● **Exercise requirements**
Could you please output all of the records exactly?
*** Opening Available data ***
Lemma derivable_pt_lim_partial_prod (C : R -> params) D t K :
  (forall k a c, (1 <= k <= K)%nat -> (a < dims k)%nat -> (c < dims (k - 1))%nat ->
     derivable_pt_lim (fun s => C s k a c) t (D k a c)) ->
  forall a b, (a < dims K)%nat ->
  derivable_pt_lim (fun s => partial_prod dims (C s) K a b) t (dpartial_prod (C t) D K a b).
Proof.
  induction K as [|K IH]; intros H a b Ha; simpl; [apply derivable_pt_lim_const|].
  apply (derivable_pt_lim_fsum _ (fun s c => C s (S K) a c * partial_prod dims (C s) K c b)).
  intros c Hc.
  apply (derivable_pt_lim_mult (fun s => C s (S K) a c) (fun s => partial_prod dims (C s) K c b)).
  - apply H; [lia|assumption|now rewrite Nat.sub_1_r].
  - apply IH; [intros; apply H; auto; lia|assumption].
Qed.

Lemma dpartial_prod_add W D1 D2 K a b :
  dpartial_prod W (param_add D1 D2) K a b = dpartial_prod W D1 K a b + dpartial_prod W D2 K a b.
Proof.
  revert a b; induction K; intros; simpl; [ring|].
  rewrite <- fsum_add; apply fsum_ext; intros. rewrite IHK; unfold param_add; ring.
Qed.

Lemma dpartial_prod_scale W c D K a b :
  dpartial_prod W (param_scale c D) K a b = c * dpartial_prod W D K a b.
Proof.
  revert a b; induction K; intros; simpl; [ring|].
  rewrite <- fsum_scal_l; apply fsum_ext; intros. rewrite IHK; unfold param_scale; ring.
Qed.

Lemma dpartial_prod_zero W K a b : dpartial_prod W (fun _ _ _ => 0) K a b = 0.
Proof.
  revert a b; induction K; intros; simpl; [reflexivity|].
  apply fsum_zero_ext; intros. rewrite IHK; ring.
Qed.

Definition agree_on_layers K (D1 D2 : params) :=
  forall k a b, (1 <= k <= K)%nat -> (a < dims k)%nat -> (b < dims (k - 1))%nat ->
  D1 k a b = D2 k a b.

Lemma dpartial_prod_agree W D1 D2 K :
  agree_on_layers K D1 D2 ->
  forall a b, (a < dims K)%nat -> dpartial_prod W D1 K a b = dpartial_prod W D2 K a b.
Proof.
  induction K as [|K IH]; intros H a b Ha; simpl; [reflexivity|].
  apply fsum_ext; intros c Hc.
  rewrite IH; [| intros k a' b' ? ? ?; apply H; auto; lia | assumption].
  rewrite H; [reflexivity | lia | assumption | now rewrite Nat.sub_1_r].
Qed.

End PartialProdDeriv.

Section RiskDeriv.
Variables (n d : nat) (x : nat -> nat -> R) (y : nat -> R) (L : nat) (dims : nat -> nat).
Variables (l dl : R -> R).
Hypothesis HdL : dims L = 1%nat.
Hypothesis Hl_deriv : forall s, derivable_pt_lim l s (dl s).

Definition margin W i := fsum d (fun j => w_prod L dims W j * zdat x y i j).

Definition risk_dir W D := / INR n * fsum n (fun i =>
  dl (margin W i) * fsum d (fun j => dpartial_prod dims W D L 0 j * zdat x y i j)).

Definition sum_coords (F : nat -> nat -> nat -> R) :=
  fsum L (fun k0 => fsum (dims (S k0)) (fun a => fsum (dims k0) (fun b => F (S k0) a b))).

Lemma derivable_pt_lim_risk (C : R -> params) D t :
  (forall k a c, valid_index L dims k a c -> derivable_pt_lim (fun s => C s k a c) t (D k a c)) ->
  derivable_pt_lim (fun s => risk l n d L dims x y (C s)) t (risk_dir (C t) D).
Proof.
  intros H. apply derivable_pt_lim_scal.
  apply (derivable_pt_lim_fsum n (fun s i => l (margin (C s) i))). intros i Hi.
  apply (derivable_pt_lim_comp (fun s => margin (C s) i) l); [|apply Hl_deriv].
  apply (derivable_pt_lim_fsum d (fun s j => w_prod L dims (C s) j * zdat x y i j)). intros j Hj.
  eapply derivable_pt_lim_eq.
  - apply derivable_pt_lim_mult; [|apply derivable_pt_lim_const].
    apply derivable_pt_lim_partial_prod; [intros; apply H; split; auto|rewrite HdL; lia].
  - cbv beta. rewrite Rmult_0_r, Rplus_0_r. reflexivity.
Qed.

Lemma risk_dir_add W D1 D2 : risk_dir W (param_add D1 D2) = risk_dir W D1 + risk_dir W D2.
Proof.
  unfold risk_dir. rewrite <- Rmult_plus_distr_l, <- fsum_add. f_equal.
  apply fsum_ext; intros. rewrite <- Rmult_plus_distr_l, <- fsum_add. f_equal.
  apply fsum_ext; intros. rewrite dpartial_prod_add. ring.
Qed.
*** Closing Available data ***
● **Result of this task**
Lemma derivable_pt_lim_partial_prod (C : R -> params) D t K :
  (forall k a c, (1 <= k <= K)%nat -> (a < dims k)%nat -> (c < dims (k - 1))%nat ->
     derivable_pt_lim (fun s => C s k a c) t (D k a c)) ->
  forall a b, (a < dims K)%nat ->
  derivable_pt_lim (fun s => partial_prod dims (C s) K a b) t (dpartial_prod (C t) D K a b).
Proof.
  induction K as [|K IH]; intros H a b Ha; simpl; [apply derivable_pt_lim_const|].
  apply (derivable_pt_lim_fsum _ (fun s c => C s (S K) a c * partial_prod dims (C s) K c b)).
  intros c Hc.
  apply (derivable_pt_lim_mult (fun s => C s (S K) a c) (fun s => partial_prod dims (C s) K c b)).
  - apply H; [lia|assumption|now rewrite Nat.sub_1_r].
  - apply IH; [intros; apply H; auto; lia|assumption].
Qed.

Lemma dpartial_prod_add W D1 D2 K a b :
  dpartial_prod W (param_add D1 D2) K a b = dpartial_prod W D1 K a b + dpartial_prod W D2 K a b.
Proof.
  revert a b; induction K; intros; simpl; [ring|].
  rewrite <- fsum_add; apply fsum_ext; intros. rewrite IHK; unfold param_add; ring.
Qed.

Lemma dpartial_prod_scale W c D K a b :
  dpartial_prod W (param_scale c D) K a b = c * dpartial_prod W D K a b.
Proof.
  revert a b; induction K; intros; simpl; [ring|].
  rewrite <- fsum_scal_l; apply fsum_ext; intros. rewrite IHK; unfold param_scale; ring.
Qed.

Lemma dpartial_prod_zero W K a b : dpartial_prod W (fun _ _ _ => 0) K a b = 0.
Proof.
  revert a b; induction K; intros; simpl; [reflexivity|].
  apply fsum_zero_ext; intros. rewrite IHK; ring.
Qed.

Definition agree_on_layers K (D1 D2 : params) :=
  forall k a b, (1 <= k <= K)%nat -> (a < dims k)%nat -> (b < dims (k - 1))%nat ->
  D1 k a b = D2 k a b.

Lemma dpartial_prod_agree W D1 D2 K :
  agree_on_layers K D1 D2 ->
  forall a b, (a < dims K)%nat -> dpartial_prod W D1 K a b = dpartial_prod W D2 K a b.
Proof.
  induction K as [|K IH]; intros H a b Ha; simpl; [reflexivity|].
  apply fsum_ext; intros c Hc.
  rewrite IH; [| intros k a' b' ? ? ?; apply H; auto; lia | assumption].
  rewrite H; [reflexivity | lia | assumption | now rewrite Nat.sub_1_r].
Qed.

End PartialProdDeriv.

Section RiskDeriv.
Variables (n d : nat) (x : nat -> nat -> R) (y : nat -> R) (L : nat) (dims : nat -> nat).
Variables (l dl : R -> R).
Hypothesis HdL : dims L = 1%nat.
Hypothesis Hl_deriv : forall s, derivable_pt_lim l s (dl s).

Definition margin W i := fsum d (fun j => w_prod L dims W j * zdat x y i j).

Definition risk_dir W D := / INR n * fsum n (fun i =>
  dl (margin W i) * fsum d (fun j => dpartial_prod dims W D L 0 j * zdat x y i j)).

Definition sum_coords (F : nat -> nat -> nat -> R) :=
  fsum L (fun k0 => fsum (dims (S k0)) (fun a => fsum (dims k0) (fun b => F (S k0) a b))).

Lemma derivable_pt_lim_risk (C : R -> params) D t :
  (forall k a c, valid_index L dims k a c -> derivable_pt_lim (fun s => C s k a c) t (D k a c)) ->
  derivable_pt_lim (fun s => risk l n d L dims x y (C s)) t (risk_dir (C t) D).
Proof.
  intros H. apply derivable_pt_lim_scal.
  apply (derivable_pt_lim_fsum n (fun s i => l (margin (C s) i))). intros i Hi.
  apply (derivable_pt_lim_comp (fun s => margin (C s) i) l); [|apply Hl_deriv].
  apply (derivable_pt_lim_fsum d (fun s j => w_prod L dims (C s) j * zdat x y i j)). intros j Hj.
  eapply derivable_pt_lim_eq.
  - apply derivable_pt_lim_mult; [|apply derivable_pt_lim_const].
    apply derivable_pt_lim_partial_prod; [intros; apply H; split; auto|rewrite HdL; lia].
  - cbv beta. rewrite Rmult_0_r, Rplus_0_r. reflexivity.
Qed.

Lemma risk_dir_add W D1 D2 : risk_dir W (param_add D1 D2) = risk_dir W D1 + risk_dir W D2.
Proof.
  unfold risk_dir. rewrite <- Rmult_plus_distr_l, <- fsum_add. f_equal.
  apply fsum_ext; intros. rewrite <- Rmult_plus_distr_l, <- fsum_add. f_equal.
  apply fsum_ext; intros. rewrite dpartial_prod_add. ring.
Qed.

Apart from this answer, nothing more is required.